Task description: Filter this data down to the lines that hold "Strict", and copy them.

[[ Stored data open ]]

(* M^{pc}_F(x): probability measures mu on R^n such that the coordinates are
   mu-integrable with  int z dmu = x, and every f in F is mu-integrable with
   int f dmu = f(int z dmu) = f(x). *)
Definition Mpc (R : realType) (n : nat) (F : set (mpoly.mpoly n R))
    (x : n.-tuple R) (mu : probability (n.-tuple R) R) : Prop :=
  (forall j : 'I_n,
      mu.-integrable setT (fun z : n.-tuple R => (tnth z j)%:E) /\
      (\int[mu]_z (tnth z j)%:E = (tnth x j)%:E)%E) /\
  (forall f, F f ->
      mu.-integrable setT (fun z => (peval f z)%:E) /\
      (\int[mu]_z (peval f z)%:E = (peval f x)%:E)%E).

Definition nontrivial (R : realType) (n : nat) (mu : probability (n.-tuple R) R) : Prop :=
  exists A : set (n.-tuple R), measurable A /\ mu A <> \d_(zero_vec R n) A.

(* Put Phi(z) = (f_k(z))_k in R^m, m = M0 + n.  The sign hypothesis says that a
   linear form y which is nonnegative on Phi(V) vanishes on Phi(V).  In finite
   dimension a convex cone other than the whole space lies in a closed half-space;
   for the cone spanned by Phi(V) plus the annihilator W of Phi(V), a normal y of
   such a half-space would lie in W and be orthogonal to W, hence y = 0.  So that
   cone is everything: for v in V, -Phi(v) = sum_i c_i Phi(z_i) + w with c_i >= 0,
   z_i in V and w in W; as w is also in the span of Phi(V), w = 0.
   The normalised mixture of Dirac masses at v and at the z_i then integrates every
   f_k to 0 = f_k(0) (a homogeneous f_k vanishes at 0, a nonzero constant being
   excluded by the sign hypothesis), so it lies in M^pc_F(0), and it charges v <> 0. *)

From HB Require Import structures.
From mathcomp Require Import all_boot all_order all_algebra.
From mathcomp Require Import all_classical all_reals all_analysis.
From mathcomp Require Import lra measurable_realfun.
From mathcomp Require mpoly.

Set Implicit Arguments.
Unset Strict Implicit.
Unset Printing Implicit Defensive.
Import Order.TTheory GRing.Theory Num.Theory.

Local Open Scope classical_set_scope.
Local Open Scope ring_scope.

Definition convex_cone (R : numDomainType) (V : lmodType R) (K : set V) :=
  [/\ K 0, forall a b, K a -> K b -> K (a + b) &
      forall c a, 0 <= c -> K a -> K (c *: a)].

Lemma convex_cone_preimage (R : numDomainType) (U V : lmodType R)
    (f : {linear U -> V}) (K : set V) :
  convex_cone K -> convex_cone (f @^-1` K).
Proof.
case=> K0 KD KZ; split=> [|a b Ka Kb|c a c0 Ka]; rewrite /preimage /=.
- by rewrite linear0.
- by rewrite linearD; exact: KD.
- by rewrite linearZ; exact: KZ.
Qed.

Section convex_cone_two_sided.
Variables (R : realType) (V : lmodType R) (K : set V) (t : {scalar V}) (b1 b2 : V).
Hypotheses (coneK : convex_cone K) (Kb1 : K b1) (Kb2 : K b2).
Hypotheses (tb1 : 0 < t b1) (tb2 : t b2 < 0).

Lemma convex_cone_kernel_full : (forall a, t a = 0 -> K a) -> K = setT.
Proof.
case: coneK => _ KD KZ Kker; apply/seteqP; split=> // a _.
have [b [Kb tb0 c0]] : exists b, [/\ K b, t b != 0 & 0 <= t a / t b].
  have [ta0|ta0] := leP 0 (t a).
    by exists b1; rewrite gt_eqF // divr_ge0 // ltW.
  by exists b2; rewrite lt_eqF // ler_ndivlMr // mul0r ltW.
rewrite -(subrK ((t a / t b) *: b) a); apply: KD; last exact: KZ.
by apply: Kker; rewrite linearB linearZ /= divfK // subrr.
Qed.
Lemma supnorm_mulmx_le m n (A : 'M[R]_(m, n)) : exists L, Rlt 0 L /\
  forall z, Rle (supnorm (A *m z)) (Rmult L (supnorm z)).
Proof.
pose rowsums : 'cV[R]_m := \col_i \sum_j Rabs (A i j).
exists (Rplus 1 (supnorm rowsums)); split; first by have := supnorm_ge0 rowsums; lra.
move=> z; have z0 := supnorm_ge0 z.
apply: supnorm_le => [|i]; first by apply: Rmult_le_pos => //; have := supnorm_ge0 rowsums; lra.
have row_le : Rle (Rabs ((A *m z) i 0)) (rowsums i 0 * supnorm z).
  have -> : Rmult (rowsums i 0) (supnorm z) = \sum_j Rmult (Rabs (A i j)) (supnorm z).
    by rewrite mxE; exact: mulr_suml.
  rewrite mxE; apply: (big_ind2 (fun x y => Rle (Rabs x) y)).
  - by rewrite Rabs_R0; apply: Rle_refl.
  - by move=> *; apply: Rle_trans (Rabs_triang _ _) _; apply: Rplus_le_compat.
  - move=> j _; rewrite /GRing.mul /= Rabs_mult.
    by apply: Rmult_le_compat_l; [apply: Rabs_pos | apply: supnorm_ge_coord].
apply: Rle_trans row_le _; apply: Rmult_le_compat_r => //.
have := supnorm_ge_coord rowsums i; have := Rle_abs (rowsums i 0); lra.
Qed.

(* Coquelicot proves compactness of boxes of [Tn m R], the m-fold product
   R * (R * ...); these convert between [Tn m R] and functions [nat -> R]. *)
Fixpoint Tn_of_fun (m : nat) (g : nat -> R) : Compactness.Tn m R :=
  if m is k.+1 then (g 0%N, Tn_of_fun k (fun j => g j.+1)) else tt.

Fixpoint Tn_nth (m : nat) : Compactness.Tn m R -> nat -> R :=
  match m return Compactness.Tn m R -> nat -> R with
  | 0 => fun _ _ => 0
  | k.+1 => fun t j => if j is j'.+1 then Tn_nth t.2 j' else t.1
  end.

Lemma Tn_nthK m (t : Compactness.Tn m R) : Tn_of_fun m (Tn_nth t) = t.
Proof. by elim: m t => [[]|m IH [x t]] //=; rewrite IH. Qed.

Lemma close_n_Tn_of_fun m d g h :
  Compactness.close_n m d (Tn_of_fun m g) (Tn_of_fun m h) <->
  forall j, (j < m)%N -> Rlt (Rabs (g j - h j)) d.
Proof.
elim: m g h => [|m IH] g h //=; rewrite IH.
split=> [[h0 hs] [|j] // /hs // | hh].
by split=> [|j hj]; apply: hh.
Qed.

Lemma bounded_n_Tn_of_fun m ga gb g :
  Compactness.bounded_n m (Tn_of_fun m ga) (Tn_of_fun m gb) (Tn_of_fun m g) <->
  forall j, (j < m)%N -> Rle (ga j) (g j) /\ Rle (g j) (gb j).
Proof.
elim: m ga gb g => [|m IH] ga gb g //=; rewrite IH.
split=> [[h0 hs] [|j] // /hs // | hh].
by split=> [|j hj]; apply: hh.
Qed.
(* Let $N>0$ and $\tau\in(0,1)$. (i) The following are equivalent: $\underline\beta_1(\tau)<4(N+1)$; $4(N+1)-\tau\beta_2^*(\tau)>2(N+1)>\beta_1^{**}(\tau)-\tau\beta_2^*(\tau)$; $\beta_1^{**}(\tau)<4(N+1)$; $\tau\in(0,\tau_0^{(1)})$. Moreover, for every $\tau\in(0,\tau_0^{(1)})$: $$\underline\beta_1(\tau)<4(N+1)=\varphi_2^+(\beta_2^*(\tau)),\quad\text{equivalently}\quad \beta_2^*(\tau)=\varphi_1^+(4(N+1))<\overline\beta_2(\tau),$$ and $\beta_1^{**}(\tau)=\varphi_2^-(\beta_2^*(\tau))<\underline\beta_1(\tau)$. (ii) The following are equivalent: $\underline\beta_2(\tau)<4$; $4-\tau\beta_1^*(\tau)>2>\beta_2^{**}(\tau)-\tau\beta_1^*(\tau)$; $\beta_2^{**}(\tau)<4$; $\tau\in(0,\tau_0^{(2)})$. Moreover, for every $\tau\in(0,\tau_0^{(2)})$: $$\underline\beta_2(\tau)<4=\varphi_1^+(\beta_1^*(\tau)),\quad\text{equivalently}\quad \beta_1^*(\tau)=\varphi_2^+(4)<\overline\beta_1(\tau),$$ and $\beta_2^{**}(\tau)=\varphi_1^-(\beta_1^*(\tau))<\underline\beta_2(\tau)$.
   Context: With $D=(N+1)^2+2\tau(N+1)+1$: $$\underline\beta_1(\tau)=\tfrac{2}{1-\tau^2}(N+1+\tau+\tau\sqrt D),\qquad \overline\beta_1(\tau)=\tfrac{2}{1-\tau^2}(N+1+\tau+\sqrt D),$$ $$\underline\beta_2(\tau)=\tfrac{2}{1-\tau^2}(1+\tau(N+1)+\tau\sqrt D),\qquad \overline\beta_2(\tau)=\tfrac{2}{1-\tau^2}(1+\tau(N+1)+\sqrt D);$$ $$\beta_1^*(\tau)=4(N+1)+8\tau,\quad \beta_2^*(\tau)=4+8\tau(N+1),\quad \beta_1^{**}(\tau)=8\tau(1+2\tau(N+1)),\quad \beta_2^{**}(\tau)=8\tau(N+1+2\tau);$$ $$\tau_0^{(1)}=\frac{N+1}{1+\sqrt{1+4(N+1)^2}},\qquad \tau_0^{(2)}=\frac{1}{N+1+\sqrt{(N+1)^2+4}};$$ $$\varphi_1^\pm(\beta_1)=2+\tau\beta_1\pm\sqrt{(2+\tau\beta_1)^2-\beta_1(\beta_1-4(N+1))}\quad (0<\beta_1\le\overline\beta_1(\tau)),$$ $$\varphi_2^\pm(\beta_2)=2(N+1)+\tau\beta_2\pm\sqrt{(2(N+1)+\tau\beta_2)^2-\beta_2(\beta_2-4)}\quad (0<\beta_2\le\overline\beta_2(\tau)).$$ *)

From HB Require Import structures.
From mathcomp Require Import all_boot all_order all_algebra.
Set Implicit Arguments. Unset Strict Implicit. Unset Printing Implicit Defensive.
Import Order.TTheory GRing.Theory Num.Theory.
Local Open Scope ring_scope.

[[ Stored data closed ]]

Task solution:
Unset Strict Implicit.
Set Implicit Arguments. Unset Strict Implicit. Unset Printing Implicit Defensive.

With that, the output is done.